No. 49 – Chicago Bears
- Position: Linebacker
- Roster status: Active

Personal information
- Born: December 12, 2003 (age 22) Richmond, Missouri, U.S.
- Listed height: 6 ft 2 in (1.88 m)
- Listed weight: 233 lb (106 kg)

Career information
- High school: Richmond (Richmond, Missouri)
- College: New Mexico State (2022–2023); Arizona State (2024–2025);
- NFL draft: 2026: 5th round, 166th overall pick

Career history
- Chicago Bears (2026–present);

Awards and highlights
- 2× Second-team All-Big 12 (2024, 2025); Second-team All-CUSA (2023);
- Stats at Pro Football Reference

= Keyshaun Elliott =

American football player (born 2003)

Keyshaun Elliott (born December 12, 2003) is an American professional football linebacker for the Chicago Bears of the National Football League (NFL).
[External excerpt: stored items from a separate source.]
Section System.
Variables (R : realFieldType) (n m : nat).
Variables (H : 'M[R]_n) (M : 'M[R]_m) (A : 'M[R]_(m, n)) (l : 'I_n) (B N : {set 'I_n}).
Hypotheses (lB : l \notin B) (lN : l \notin N) (dBN : [disjoint B & N])
  (cover : B :|: [set l] :|: N = setT).
Hypotheses (HS : H^T = H) (MS : M^T = M).

Lemma sys0 : sys H M A B N 0 0 0.
Proof. by split; rewrite ?mulmx0 ?subr0 ?addr0 // subv_zero. Qed.

Lemma sysE dx dy dz : sys H M A B N dx dy dz ->
  [/\ dz = H *m dx - A^T *m dy, A *m dx = - (M *m dy), subv N dx = 0 & subv B dz = 0].
Proof.
case=> dzE Adx dxN dzB; split=> //; first by rewrite (subr0_eq dzE).
by apply/eqP; rewrite -addr_eq0; apply/eqP.
Qed.

Lemma KB_mul_sys dx dy dz : sys H M A B N dx dy dz ->
  KB H M A B *m col_mx (subv B dx) (- dy) = - (dx l 0 *: col_mx (subcol B H l) (col l A)).
Proof.
move=> /sysE [dzE Adx dxN dzB].
rewrite (mulmx_partition lB lN dBN cover H dxN) in dzE.
rewrite (mulmx_partition lB lN dBN cover A dxN) in Adx.
rewrite /KB mul_block_col scale_col_mx opp_col_mx; congr col_mx.
  apply: (addrI (dx l 0 *: subcol B H l)); rewrite addrN -dzB dzE.
  by rewrite subm_mulmx mulmxN trmx_colsubm_mulmx !subvD subvN subvZ subcolE addrA.
apply: (addrI (dx l 0 *: col l A)).
by rewrite mulNmx mulmxN opprK addrA Adx addNr addrN.
Qed.

Lemma sys_dz_l dx dy dz : sys H M A B N dx dy dz ->
  dz l 0 = H l l * dx l 0 + ((subcol B H l)^T *m subv B dx) 0 0
           - ((col l A)^T *m dy) 0 0.
Proof.
move=> /sysE [dzE _ dxN _].
rewrite trmx_subcol_mulmx trmx_col_mulmx HS dzE (mulmx_partition lB lN dBN cover _ dxN).
by rewrite !(addmxE, oppmxE, scalemxE) [col l H l 0]mxE mulrC.
Qed.

Lemma sys_dz_N dx dy dz : sys H M A B N dx dy dz ->
  subv N dz = dx l 0 *: subcol N H l + (subm B N H)^T *m subv B dx
              - (colsubm A N)^T *m dy.
Proof.
move=> /sysE [dzE _ dxN _].
rewrite dzE (mulmx_partition lB lN dBN cover _ dxN) !subvD subvN subvZ.
by rewrite trmx_subm HS subm_mulmx trmx_colsubm_mulmx subcolE.
Qed.

(* Complementarity: only the pair [(dx_l, dz_l)] escapes [dx_N = 0] and [dz_B = 0]. *)
Lemma sys_dot dx dy dz : sys H M A B N dx dy dz ->
  dx l 0 * dz l 0 = (dx^T *m H *m dx) 0 0 + (dy^T *m M *m dy) 0 0.
Proof.
move=> /sysE [dzE Adx dxN dzB].
rewrite -(dot_partition lB lN dBN cover dxN dzB) dzE linearB /= !trmx_mul trmxK HS mulmxBl.
by rewrite -[dy^T *m A *m dx]mulmxA Adx mulmxN opprK mulmxA addmxE.
Qed.

Lemma Kl_mul_shear dx dy dz : sys H M A B N dx dy dz ->
  Kl H M A B l *m shear_mx (dx l 0) (col_mx (subv B dx) (- dy))
  = block_mx (dz l 0)%:M (col_mx (subcol B H l) (col l A))^T 0 (KB H M A B).
Proof.
move=> S; rewrite /Kl /shear_mx mulmx_block -tr_col_mx (KB_mul_sys S).
rewrite !mulmx0 !add0r !mulmx1 [col_mx _ _ *m _]mul_mx_scalar addrN; congr block_mx.
apply/matrixP => i j; rewrite (ord1 i) (ord1 j) addmxE -scalar_mxM (sys_dz_l S).
by rewrite tr_col_mx mul_row_col mulmxN addmxE oppmxE !mxE !mulr1n addrA.
Qed.

Lemma det_Kl_sys dx dy dz : sys H M A B N dx dy dz ->
  \det (Kl H M A B l) * dx l 0 = dz l 0 * \det (KB H M A B).
Proof.
move=> S; have := congr1 determinant (Kl_mul_shear S).
by rewrite det_mulmx det_shear_mx det_ublock det_scalar1.
Qed.

Lemma KB_sym : (KB H M A B)^T = KB H M A B.
Proof.
rewrite /KB tr_block_mx trmxK linearN /= MS; congr block_mx.
by rewrite trmx_subm HS.
Qed.

Hypothesis KB_unit : KB H M A B \in unitmx.

Lemma sys_unique dx dy dz dx' dy' dz' :
  sys H M A B N dx dy dz -> sys H M A B N dx' dy' dz' -> dx' l 0 = dx l 0 ->
  [/\ dx' = dx, dy' = dy & dz' = dz].
Proof.
move=> S S' dxl'.
have := KB_mul_sys S'; rewrite dxl' -(KB_mul_sys S).
move/(canLR (mulKmx KB_unit)); rewrite mulKmx // => /eq_col_mx [dxB' /oppr_inj dy'E].
move: S S' => /sysE [dzE _ dxN _] /sysE [dzE' _ dxN' _].
have dx'E : dx' = dx.
  by rewrite -[dx]mul1mx -[dx']mul1mx !(mulmx_partition lB lN dBN cover) // dxl' dxB'.
by split=> //; rewrite dzE dzE' dx'E dy'E.
Qed.

Lemma Kl_unitE dx dy dz : sys H M A B N dx dy dz -> dx l 0 != 0 ->
  (Kl H M A B l \in unitmx) = (dz l 0 != 0).
Proof.
move=> S dxl0; have detE := det_Kl_sys S.
have KBdet : \det (KB H M A B) != 0 by rewrite -unitfE -unitmxE.
rewrite unitmxE unitfE; apply/idP/idP => [detKl | dzl0].
  by apply: contraNneq (mulf_neq0 detKl dxl0) => dzl; rewrite detE dzl mul0r.
by apply: contraNneq (mulf_neq0 dzl0 KBdet) => detKl; rewrite -detE detKl mul0r.
Qed.

Hypotheses (HP : sym_psd H) (MP : sym_psd M).

Lemma sys_dxz_l_ge0 dx dy dz : sys H M A B N dx dy dz -> 0 <= dx l 0 * dz l 0.
Proof.
by move=> S; rewrite (sys_dot S) addr_ge0 //; [apply: HP.2 | apply: MP.2].
Qed.

Lemma sys_dz_l_eq0 dx dy dz : sys H M A B N dx dy dz -> dz l 0 = 0 ->
  dy = 0 /\ dz = 0.
Proof.
move=> S dzl0; have := sys_dot S; rewrite dzl0 mulr0 => quad0.
have := HP.2 dx; have := MP.2 dy => qM qH.
have /(psd_quad_eq0 HP) Hdx0 : (dx^T *m H *m dx) 0 0 = 0 by lra.
have /(psd_quad_eq0 MP) Mdy0 : (dy^T *m M *m dy) 0 0 = 0 by lra.
move: S => /sysE [dzE _ _ dzB]; rewrite Hdx0 sub0r in dzE.
have ATdy0 : (colsubm A B)^T *m dy = 0.
  by rewrite trmx_colsubm_mulmx -[A^T *m dy]opprK -dzE subvN dzB oppr0.
have : KB H M A B *m col_mx 0 (- dy) = 0.
  by rewrite /KB mul_block_col !mulmx0 !add0r !mulmxN ATdy0 mulNmx Mdy0 !oppr0 col_mx0.
move/(canRL (mulKmx KB_unit)); rewrite mulmx0 -col_mx0 => /eq_col_mx [_ /eqP].
by rewrite oppr_eq0 => /eqP dy0; rewrite dzE dy0 mulmx0 oppr0.
Qed.

(* Conjugating by the shear gives [[0, *], [0, K']] with [K' = (1 + u u^T / x_l^2) K_B]
   invertible, so the eigenvalue [0] of [K_l] is simple. *)
Lemma mup0_char_poly_Kl dx dy dz : sys H M A B N dx dy dz -> dx l 0 != 0 ->
  dz l 0 = 0 -> mup 0 (char_poly (Kl H M A B l)) = 1%N.
Proof.
move=> S dxl0 dzl0; move: (Kl_mul_shear S) (KB_mul_sys S); rewrite dzl0 raddf0.
set xl := dx l 0; set u := col_mx _ _; set c := col_mx _ _ => KlP KBu.
have cE : c^T = - (xl^-1 *: (u^T *m KB H M A B)).
  have -> : c = - (xl^-1 *: (KB H M A B *m u)).
    by rewrite KBu scalerN opprK scalerA mulVf // scale1r.
  by rewrite linearN linearZ /= trmx_mul KB_sym.
pose K' := KB H M A B - xl^-1 *: (u *m c^T).
pose T : 'M[R]_(1 + (#|B| + m)) := block_mx 0 (xl^-1 *: c^T) 0 K'.
have shearT : shear_mx xl u *m T = block_mx 0 c^T 0 (KB H M A B).
  rewrite /shear_mx /T mulmx_block !mulmx0 !mul0mx !addr0 ?add0r mul1mx mul_scalar_mx.
  by rewrite scalerA mulfV // scale1r -scalemxAr addrC /K' subrK.
have K'E : K' = (1%:M + (xl^-1 * xl^-1) *: (u *m u^T)) *m KB H M A B.
  by rewrite mulmxDl mul1mx -scalemxAl /K' cE mulmxN -scalemxAr scalerN scalerA opprK mulmxA.
have K'_unit : K' \in unitmx.
  by rewrite K'E unitmx_mul KB_unit andbT unitmx_1_add_outer // -expr2 sqr_ge0.
have -> : char_poly (Kl H M A B l) = char_poly T.
  by apply: (char_poly_simmx (P := shear_mx xl u)); rewrite ?det_shear_mx // KlP shearT.
have -> : char_poly T = 'X * char_poly K'.
  rewrite /char_poly /char_poly_mx /T map_block_mx !map_mx0 (scalar_mx_block 1 (#|B| + m)).
  by rewrite opp_block_mx add_block_mx !oppr0 !addr0 det_ublock det_scalar1.
rewrite mupMl; last first.
  rewrite /root horner_coef0 char_poly_det mulf_eq0 negb_or signr_eq0 /=.
  by rewrite -unitfE -unitmxE.
by rewrite -[X in mup _ X](subr0 'X) -polyC0 -[_ - _]expr1 mup_XsubCX eqxx.
Qed.

Lemma Kl_kernel dx dy dz : sys H M A B N dx dy dz -> dx l 0 != 0 -> dz l 0 = 0 ->
  let v := col_mx (dx l 0)%:M (col_mx (subv B dx) (0 : 'cV[R]_m)) in
  v != 0 /\ Kl H M A B l *m v = 0.
Proof.
move=> S dxl0 dzl0 v; have [dy0 _] := sys_dz_l_eq0 S dzl0.
have KlP := Kl_mul_shear S; rewrite dzl0 raddf0 dy0 oppr0 in KlP.
have vE : v = shear_mx (dx l 0) (col_mx (subv B dx) 0) *m col_mx 1%:M 0.
  by rewrite /shear_mx mul_block_col !mulmx1 !mulmx0 !addr0.
split; last by rewrite vE mulmxA KlP mul_block_col !mulmx0 !mulmx1 !addr0 col_mx0.
apply: contra dxl0 => /eqP /matrixP /(_ (lshift _ 0) 0).
by rewrite col_mxEu !mxE eqxx mulr1n => ->.
Qed.

Lemma Kl_dichotomy dx dy dz : sys H M A B N dx dy dz -> 0 < dx l 0 ->
  (Kl H M A B l \in unitmx /\ 0 < dz l 0) \/
  [/\ Kl H M A B l \notin unitmx, dz l 0 = 0, dy = 0 /\ subv N dz = 0,
      mup 0 (char_poly (Kl H M A B l)) = 1%N &
      (let v := col_mx (dx l 0)%:M (col_mx (subv B dx) (0 : 'cV[R]_m)) in
       v != 0 /\ Kl H M A B l *m v = 0)].
Proof.
move=> S dxl_gt0; have dxl0 : dx l 0 != 0 by rewrite gt_eqF.
have : 0 <= dz l 0 by rewrite -(pmulr_rge0 _ dxl_gt0) (sys_dxz_l_ge0 S).
rewrite le_eqVlt => /predU1P [/esym dzl0 | dzl_gt0].
  have [dy0 dz0] := sys_dz_l_eq0 S dzl0.
  right; split; [|done| |exact: mup0_char_poly_Kl S dxl0 dzl0|exact: Kl_kernel S dxl0 dzl0].
    by rewrite (Kl_unitE S dxl0) dzl0 eqxx.
  by rewrite dz0 subv_zero.
by left; rewrite (Kl_unitE S dxl0) gt_eqF.
Qed.

End System.

Theorem proposition3 (R : realFieldType) (n m : nat)
    (H : 'M[R]_n) (M : 'M[R]_m) (A : 'M[R]_(m, n))
    (l : 'I_n) (B N : {set 'I_n}) :
  sym_psd H -> sym_psd M ->
  l \notin B -> l \notin N -> [disjoint B & N] ->
  B :|: [set l] :|: N = setT ->
  KB H M A B \in unitmx ->
  (* 1. *)
  (forall dx dy dz, sys H M A B N dx dy dz -> dx l 0 = 0 ->
     [/\ subv B dx = 0, dy = 0, dz l 0 = 0 & subv N dz = 0]) /\
  (* 2. uniqueness *)
  (forall dx dy dz dx' dy' dz',
     sys H M A B N dx dy dz -> sys H M A B N dx' dy' dz' ->
     0 < dx l 0 -> dx' l 0 = dx l 0 ->
     [/\ subv B dx' = subv B dx, dy' = dy, dz' l 0 = dz l 0
       & subv N dz' = subv N dz]) /\
  (* 2. formulas and dichotomy *)
  (forall dx dy dz, sys H M A B N dx dy dz -> 0 < dx l 0 ->
     [/\ KB H M A B *m col_mx (subv B dx) (- dy)
           = - (dx l 0 *: col_mx (subcol B H l) (col l A)),
         dz l 0 = H l l * dx l 0 + ((subcol B H l)^T *m subv B dx) 0 0
                  - ((col l A)^T *m dy) 0 0,
         subv N dz = dx l 0 *: subcol N H l + (subm B N H)^T *m subv B dx
                     - (colsubm A N)^T *m dy &
         ((Kl H M A B l \in unitmx /\ 0 < dz l 0) \/
          [/\ Kl H M A B l \notin unitmx, dz l 0 = 0,
              dy = 0 /\ subv N dz = 0,
              mup 0 (char_poly (Kl H M A B l)) = 1%N &
              (let v := col_mx (dx l 0)%:M (col_mx (subv B dx) (0 : 'cV[R]_m)) in
               v != 0 /\ Kl H M A B l *m v = 0)])]).
Proof.
move=> HP MP lB lN dBN cover KB_unit; have [HS MS] := (HP.1, MP.1).
split; [|split].
- move=> dx dy dz S dxl0.
  have [|-> -> ->] := sys_unique lB lN dBN cover KB_unit (sys0 H M A B N) S.
    by rewrite dxl0 mxE.
  by rewrite !subv_zero mxE.
- move=> dx dy dz dx' dy' dz' S S' _ dxl'.
  by have [-> -> ->] := sys_unique lB lN dBN cover KB_unit S S' dxl'.
- move=> dx dy dz S dxl_gt0; split.
  + exact: KB_mul_sys S.
  + exact: sys_dz_l S.
  + exact: sys_dz_N S.
  + exact: Kl_dichotomy S dxl_gt0.
Qed.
He played college football for the New Mexico State Aggies and the Arizona State Sun Devils and was selected by the Bears in the fifth round of the 2026 NFL draft.

==Early life==
Elliott attended Richmond High School in Richmond, Missouri. Coming out of high school, he committed to play college football for the New Mexico State Aggies.

==College career==
=== New Mexico State ===
As a freshman in 2022, Elliott appeared in all 12 games with one start, where he notched 27 tackles, a pass deflection, and a fumble recovery. During the 2023 season, he posted 111 tackles with ten being for a loss and two and a half sacks, earning second-team all-conference honors. After the season, Elliott entered his name into the NCAA transfer portal.

=== Arizona State ===
Elliott transferred to play for the Arizona State Sun Devils. In the 2025 Peach Bowl, he notched eight tackles versus Texas. Elliott finished the 2024 season, recording 65 tackles with four being for a loss, two sacks, two pass deflections, and an interception. In week four of the 2025 season, he totaled ten tackles with two being for a loss, and a sack against Baylor. For his performance on the season, Elliott was named second-team all-Big 12. He accepted an invite to participate in the 2026 East-West Shrine Bowl.

==Professional career==

Elliott was selected by the Chicago Bears in the fifth round with the 166th overall pick of the 2026 NFL Draft. He signed his rookie contract on May 8.

Pre-draft measurables
| Height | Weight | Arm length | Hand span | Wingspan | 40-yard dash | 10-yard split | 20-yard split | 20-yard shuttle | Three-cone drill | Vertical jump | Broad jump | Bench press |
| 6 ft 1+3⁄4 in (1.87 m) | 231 lb (105 kg) | 31+1⁄4 in (0.79 m) | 9+1⁄4 in (0.23 m) | 6 ft 4 in (1.93 m) | 4.58 s | 1.66 s | 2.74 s | 4.38 s | 7.02 s | 38.0 in (0.97 m) | 10 ft 5 in (3.18 m) | 21 reps |
All values from NFL Combine/Pro Day

== Personal life ==
Elliott is the grandson of the late NFL running back, Lenvil Elliott.